■ What to work on: From the line with "have gz'z : g" to the line with "have [<-|a'b] := eqVneq", retype every line exactly, including those two, and leave out the rest of the data below.

■ Provided material:
(* Let $P$ be a convex point set in the plane and let $\vec d_1$ be a directed straight line not orthogonal to any line through two points of $P$. Then there exists a directed straight line $\vec d_2$, not orthogonal to any line through two points of $P$ and such that the clockwise rotation bringing $\vec d_1$ to coincide with $\vec d_2$ is at most $180^\circ$, for which the $(\vec d_1,\vec d_2)$-partition of $P$ is balanced.
   Context: A convex point set is a finite point set in the plane in which no point is a convex combination of the others; $\mathcal H_P$ denotes its convex hull. For a directed line $\vec d$ not orthogonal to any line through two points of $P$, order the points of $P$ by their orthogonal projections on $\vec d$; let $p_a(\vec d)$ and $p_b(\vec d)$ be the first (minimum) and last (maximum) point. Let $P_1(\vec d)$ be the set of points of $P$ encountered when walking clockwise along the boundary of $\mathcal H_P$ from $p_a(\vec d)$ to $p_b(\vec d)$, including $p_a(\vec d)$ and excluding $p_b(\vec d)$; let $P_2(\vec d)$ be the set of points encountered walking clockwise from $p_b(\vec d)$ to $p_a(\vec d)$, including $p_b(\vec d)$ and excluding $p_a(\vec d)$. For two such directed lines $\vec d_1,\vec d_2$ with the clockwise rotation bringing $\vec d_1$ to $\vec d_2$ at most $180^\circ$, the $(\vec d_1,\vec d_2)$-partition of $P$ consists of $P_a=P_1(\vec d_1)\cap P_1(\vec d_2)$, $P_b=P_1(\vec d_1)\cap P_2(\vec d_2)$, $P_c=P_2(\vec d_1)\cap P_1(\vec d_2)$, $P_d=P_2(\vec d_1)\cap P_2(\vec d_2)$. It is balanced if $|P_a|+|P_d|\le \frac{|P|}{2}+1$ and $|P_b|+|P_c|\le\frac{|P|}{2}+1$. *)

From HB Require Import structures.
From mathcomp Require Import all_boot all_order all_algebra.
From mathcomp Require Import all_classical all_reals all_analysis.
Set Implicit Arguments. Unset Strict Implicit. Unset Printing Implicit Defensive.
Import Order.TTheory GRing.Theory Num.Theory.
Local Open Scope ring_scope.

(* Points of the plane and directions are pairs (x, y) : R * R,
   with the usual orientation (x to the right, y upward). *)

Section Defs.
Variable R : realType.
Notation pt := (R * R)%type.

Definition dotp (u v : pt) : R := u.1 * v.1 + u.2 * v.2.
Definition subp (u v : pt) : pt := (u.1 - v.1, u.2 - v.2).
(* orientation of (p, q, r): > 0 iff r is strictly left of the directed line p -> q *)
Definition orient (p q r : pt) : R :=
  (q.1 - p.1) * (r.2 - p.2) - (q.2 - p.2) * (r.1 - p.1).

Definition convex_point_set (P : seq pt) : Prop :=
  uniq P /\
  forall p, p \in P -> ~ exists w : pt -> R,
     (forall q, 0 <= w q) /\
     \sum_(q <- P | q != p) w q = 1 /\
     \sum_(q <- P | q != p) w q * q.1 = p.1 /\
     \sum_(q <- P | q != p) w q * q.2 = p.2.

(* A directed line is represented by its (nonzero) direction vector d;
   its position is irrelevant for orthogonal projections order.
   It is not orthogonal to any line through two points of P. *)
Definition generic_dir (P : seq pt) (d : pt) : Prop :=
  d != (0, 0) /\
  forall p q, p \in P -> q \in P -> p != q -> dotp d (subp q p) != 0.

Definition minpt (d : pt) (P : seq pt) : pt :=
  if P is x :: P' then
    foldl (fun m y => if dotp d y < dotp d m then y else m) x P'
  else (0, 0).
Definition maxpt (d : pt) (P : seq pt) : pt :=
  if P is x :: P' then
    foldl (fun m y => if dotp d m < dotp d y then y else m) x P'
  else (0, 0).

(* s lists the vertices of the convex hull of P in clockwise order:
   s is a permutation of P and for every (cyclically) consecutive pair
   (s_i, s_{i+1}) all other points lie strictly to the right of the
   directed segment s_i -> s_{i+1} (i.e. it is a hull edge traversed
   with the interior on its right). *)
Definition cw_boundary (P s : seq pt) : Prop :=
  perm_eq s P /\
  forall i, (i < size s)%N ->
    forall x, x \in s -> x != nth (0, 0) s i ->
      x != nth (0, 0) s (i.+1 %% size s) ->
      orient (nth (0, 0) s i) (nth (0, 0) s (i.+1 %% size s)) x < 0.

(* points met walking along s (cyclically) from a (included) to b (excluded) *)
Definition arc (s : seq pt) (a b : pt) : seq pt :=
  let s' := rot (index a s) s in take (index b s') s'.

Definition P1 (s : seq pt) (d : pt) : seq pt := arc s (minpt d s) (maxpt d s).
Definition P2 (s : seq pt) (d : pt) : seq pt := arc s (maxpt d s) (minpt d s).

Definition cw_rotation_le_pi (d1 d2 : pt) : Prop :=
  exists theta : R, 0 <= theta <= pi /\
    exists k : R, 0 < k /\
      d2 = (k * (d1.1 * cos theta + d1.2 * sin theta),
            k * (- d1.1 * sin theta + d1.2 * cos theta)).

Definition part_a (P s : seq pt) d1 d2 := [seq x <- P | (x \in P1 s d1) && (x \in P1 s d2)].
Definition part_b (P s : seq pt) d1 d2 := [seq x <- P | (x \in P1 s d1) && (x \in P2 s d2)].
Definition part_c (P s : seq pt) d1 d2 := [seq x <- P | (x \in P2 s d1) && (x \in P1 s d2)].
Definition part_d (P s : seq pt) d1 d2 := [seq x <- P | (x \in P2 s d1) && (x \in P2 s d2)].

Definition balanced (P s : seq pt) (d1 d2 : pt) : Prop :=
  ((size (part_a P s d1 d2) + size (part_d P s d1 d2))%:R
     <= (size P)%:R / 2 + 1 :> R) /\
  ((size (part_b P s d1 d2) + size (part_c P s d1 d2))%:R
     <= (size P)%:R / 2 + 1 :> R).

End Defs.

From HB Require Import structures.
From mathcomp Require Import all_boot all_order all_algebra.
From mathcomp Require Import all_classical all_reals all_analysis.
From mathcomp Require Import zify ring lra.
Import Order.TTheory GRing.Theory Num.Theory.
Local Open Scope ring_scope.
Set Implicit Arguments. Unset Strict Implicit. Unset Printing Implicit Defensive.

(* Walk along the hull clockwise and attach to each vertex y the edge
   e(y) = next y - y.  For a generic direction d, the edges leaving the points
   of P1(d) go up along d and those leaving P2(d) go down: a vertex where d
   stops increasing is a local, hence (by convexity) global, maximum of d.
   So |Pa| + |Pd| is at most the number of edges whose up/down status is the
   same for d1 and d2, and |Pb| + |Pc| at most the number where it differs.
   The directions d2 = x d1 + d1^perp, x real, sweep the open half-turn
   clockwise from d1, and the status of e(y) flips exactly when x crosses a
   critical value crit(e(y)); at most two hull edges are parallel, so each
   critical value is shared by at most two edges.  Hence x can be chosen,
   away from the critical values of all chords (which keeps d2 generic), so
   that floor(n/2) or floor(n/2) + 1 edges change status. *)

Section CyclicSuccessor.
Variable T : eqType.
Implicit Types (s p : seq T) (x : T).

Lemma next_nth_mod s x x0 : x \in s ->
  next s x = nth x0 s ((index x s).+1 %% size s).
Proof.
move=> xs; rewrite next_nth xs; case: s xs => // y s' xs.
have : (index x (y :: s') <= size s')%N by rewrite -ltnS index_mem.
rewrite leq_eqVlt => /predU1P[->|lt_i]; first by rewrite modnn /= nth_default.
by rewrite modn_small //= (set_nth_default x0).
Qed.

Lemma index_iter_next s x k : uniq s -> x \in s ->
  index (iter k (next s) x) s = ((index x s + k) %% size s)%N.
Proof.
move=> us xs; have s_pos : (0 < size s)%N by case: (s) xs.
elim: k => [|k IH]; first by rewrite addn0 modn_small ?index_mem.
have mem_it : iter k (next s) x \in s by elim: (k) => //= j; rewrite mem_next.
rewrite /= (next_nth_mod x) // index_uniq ?ltn_mod // IH.
by rewrite -addn1 modnDml addn1 addnS.
Qed.

Lemma iter_next_neq s x k : uniq s -> x \in s -> (0 < k < size s)%N ->
  iter k (next s) x != x.
Proof.
move=> us xs /andP[k_pos k_lt]; apply: contraTneq k_pos => /(congr1 (index^~ s)).
have i_lt : (index x s < size s)%N by rewrite index_mem.
rewrite index_iter_next // -[in RHS](modn_small i_lt).
by move/eqP; rewrite -[X in _ == X %[mod _]]addn0 eqn_modDl mod0n modn_small // => /eqP->.
Qed.

Lemma fpath_rcons_next (g : T -> T) x p b : fpath g x (rcons p b) -> g x \in rcons p b.
Proof. by case: p => [|y p] /= /andP[/eqP-> _]; rewrite mem_head. Qed.

Lemma three_le_size s (u v w : T) : u \in s -> v \in s -> w \in s ->
  u != v -> u != w -> v != w -> (2 < size s)%N.
Proof.
move=> su sv sw uv uw vw.
apply: (@uniq_leq_size _ [:: u; v; w]) => [|y]; first by rewrite /= !inE !negb_or uv uw vw.
by rewrite !inE => /or3P[] /eqP->.
Qed.

Lemma off_edge_endpoint s y y' : uniq s -> y \in s -> y' \in s -> y != y' ->
  (2 < size s)%N -> exists2 w, w \in [:: y'; next s y'] & (w != y) && (w != next s y).
Proof.
move=> us sy sy' yy' s3; have [ny|n'y] := eqVneq y' (next s y); last first.
  by exists y'; rewrite ?mem_head // eq_sym yy'.
exists (next s y'); first by rewrite !inE eqxx orbT.
rewrite ny (@iter_next_neq s y 2) ?s3 //=.
apply: (@iter_next_neq s (next s y) 1) => //; first by rewrite mem_next.
exact: ltnW.
Qed.

End CyclicSuccessor.

Section FoldArgmin.
Context {disp : Order.disp_t} {O : orderType disp} {T : eqType}.
Local Open Scope order_scope.

Lemma foldl_argmin (g : T -> O) x s :
  let m := foldl (fun m y => if g y < g m then y else m) x s in
  m \in x :: s /\ {in x :: s, forall y, g m <= g y}.
Proof.
elim: s x => [|z s IH] x /=; first by split=> [|y]; rewrite ?mem_head // mem_seq1 => /eqP->.
case: ifP => zx; [have [m_in m_min] := IH z | have [m_in m_min] := IH x].
- split; first by move: m_in; rewrite !inE => /orP[->|->]; rewrite ?orbT.
  move=> y; rewrite inE => /predU1P[->|y_in]; last exact: m_min.
  exact: le_trans (m_min z (mem_head _ _)) (ltW zx).
- split; first by move: m_in; rewrite !inE => /orP[->|->]; rewrite ?orbT.
  move=> y; rewrite !inE => /or3P[/eqP->|/eqP->|y_s].
  + exact: m_min (mem_head _ _).
  + by apply: le_trans (m_min x (mem_head _ _)) _; rewrite leNgt zx.
  + by apply: m_min; rewrite inE y_s orbT.
Qed.

Lemma seq_argmin (g : T -> O) s : s != [::] ->
  exists2 m, m \in s & {in s, forall y, g m <= g y}.
Proof.
case: s => // x s _; case: (foldl_argmin g x s) => m_in m_min.
by exists (foldl (fun m y => if g y < g m then y else m) x s).
Qed.

End FoldArgmin.

Section IncreasingArc.
Context {disp : Order.disp_t} {O : orderType disp} {T : eqType}.
Local Open Scope order_scope.
Variable f : T -> O.

Lemma fpath_increasing (g : T -> T) x p b :
  fpath g x (rcons p b) -> uniq (x :: rcons p b) ->
  {in x :: rcons p b &, injective f} ->
  {in x :: p, forall u, f u < f (g u) -> f (g (g u)) < f (g u) -> g u = b} ->
  f x < f (g x) -> {in x :: p, forall y, f y < f (g y)}.
Proof.
elim: p x => [|z p IH] x /=.
  by move=> _ _ _ _ fx y; rewrite mem_seq1 => /eqP->.
move=> /andP[/eqP gx zp] /andP[_ zu] inj peak fx.
have z'b : z != b.
  by move: zu => /andP[+ _]; apply: contraNneq => ->; rewrite mem_rcons mem_head.
have fz : f z < f (g z).
  have gz := fpath_rcons_next zp.
  have gz'z : g z != z by apply: contraTneq gz => ->; case/andP: zu.
  rewrite ltNge le_eqVlt negb_or; apply/andP; split.
    by apply: contra gz'z => /eqP/inj -> //; rewrite !inE ?gz ?eqxx ?orbT.
  apply: contra z'b => down; apply/eqP.
  by rewrite -gx; apply: (peak x (mem_head _ _) fx); rewrite gx.
move=> y; rewrite inE => /predU1P[-> //|]; apply: IH => //.
- by move=> u v hu hv; apply: inj; rewrite inE ?hu ?hv orbT.
- by move=> u hu; apply: peak; rewrite inE hu orbT.
Qed.

Lemma arc_increasing s a b :
  uniq s -> a \in s -> b \in s -> {in s &, injective f} ->
  {in s, forall y, f a <= f y} ->
  {in s, forall u, f u < f (next s u) ->
     f (next s (next s u)) < f (next s u) -> next s u = b} ->
  {in arc s a b, forall x, f x < f (next s x)}.
Proof.
move=> us sa sb inj amin peak.
have [<-|a'b] := eqVneq a b; first by move=> x; rewrite /arc rot_index //= eqxx.
case: (rot_to_arc us sa sb a'b) => i p1 p2 <- _ s_rot.
have c_split : rot i s = (a :: rcons p1 b) ++ p2 by rewrite s_rot cat_cons cat_rcons.
have uc : uniq ((a :: rcons p1 b) ++ p2) by rewrite -c_split rot_uniq.
have sub : {subset a :: rcons p1 b <= s}.
  by move=> y y_in; rewrite -(mem_rot i) c_split mem_cat y_in.
have sub' : {subset a :: p1 <= s}.
  move=> y y_in; apply: sub; move: y_in.
  by rewrite !inE mem_rcons inE => /orP[->|->]; rewrite ?orbT.
have pth : fpath (next s) a (rcons p1 b).
  have nexts : frel (next (rot i s)) =2 frel (next s) by move=> u v /=; rewrite next_rot.
  have := cycle_next (etrans (rot_uniq i s) us).
  by rewrite (eq_cycle nexts) c_split /= rcons_cat cat_path => /andP[].
have u_pth : uniq (a :: rcons p1 b) by move: uc; rewrite cat_uniq => /andP[].
apply: (fpath_increasing pth u_pth (sub_in2 sub inj) (sub_in1 sub' peak)).
have na'a : next s a != a.
  by apply: contraTneq (fpath_rcons_next pth) => ->; case/andP: u_pth.
have na : next s a \in s by rewrite mem_next.
rewrite lt_neqAle amin // andbT.
by apply: contra na'a => /eqP/(inj _ _ sa na) <-.
Qed.

End IncreasingArc.

Section PlaneGeometry.
Variable R : realType.
Local Notation pt := (R * R)%type.
Implicit Types (a b d u v w x y z : pt) (s : seq pt).

Definition crossp (u v : pt) : R := u.1 * v.2 - u.2 * v.1.

Lemma dotp_subp d x y : dotp d (subp y x) = dotp d y - dotp d x.
Proof. by rewrite /dotp /subp /=; ring. Qed.

Lemma orient_crossp u v w : orient u v w = crossp (subp v u) (subp w u).
Proof. by []. Qed.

■ Expected answer:
  have gz'z : g z != z by apply: contraTneq gz => ->; case/andP: zu.
  rewrite ltNge le_eqVlt negb_or; apply/andP; split.
    by apply: contra gz'z => /eqP/inj -> //; rewrite !inE ?gz ?eqxx ?orbT.
  apply: contra z'b => down; apply/eqP.
  by rewrite -gx; apply: (peak x (mem_head _ _) fx); rewrite gx.
move=> y; rewrite inE => /predU1P[-> //|]; apply: IH => //.
- by move=> u v hu hv; apply: inj; rewrite inE ?hu ?hv orbT.
- by move=> u hu; apply: peak; rewrite inE hu orbT.
Qed.

Lemma arc_increasing s a b :
  uniq s -> a \in s -> b \in s -> {in s &, injective f} ->
  {in s, forall y, f a <= f y} ->
  {in s, forall u, f u < f (next s u) ->
     f (next s (next s u)) < f (next s u) -> next s u = b} ->
  {in arc s a b, forall x, f x < f (next s x)}.
Proof.
move=> us sa sb inj amin peak.
have [<-|a'b] := eqVneq a b; first by move=> x; rewrite /arc rot_index //= eqxx.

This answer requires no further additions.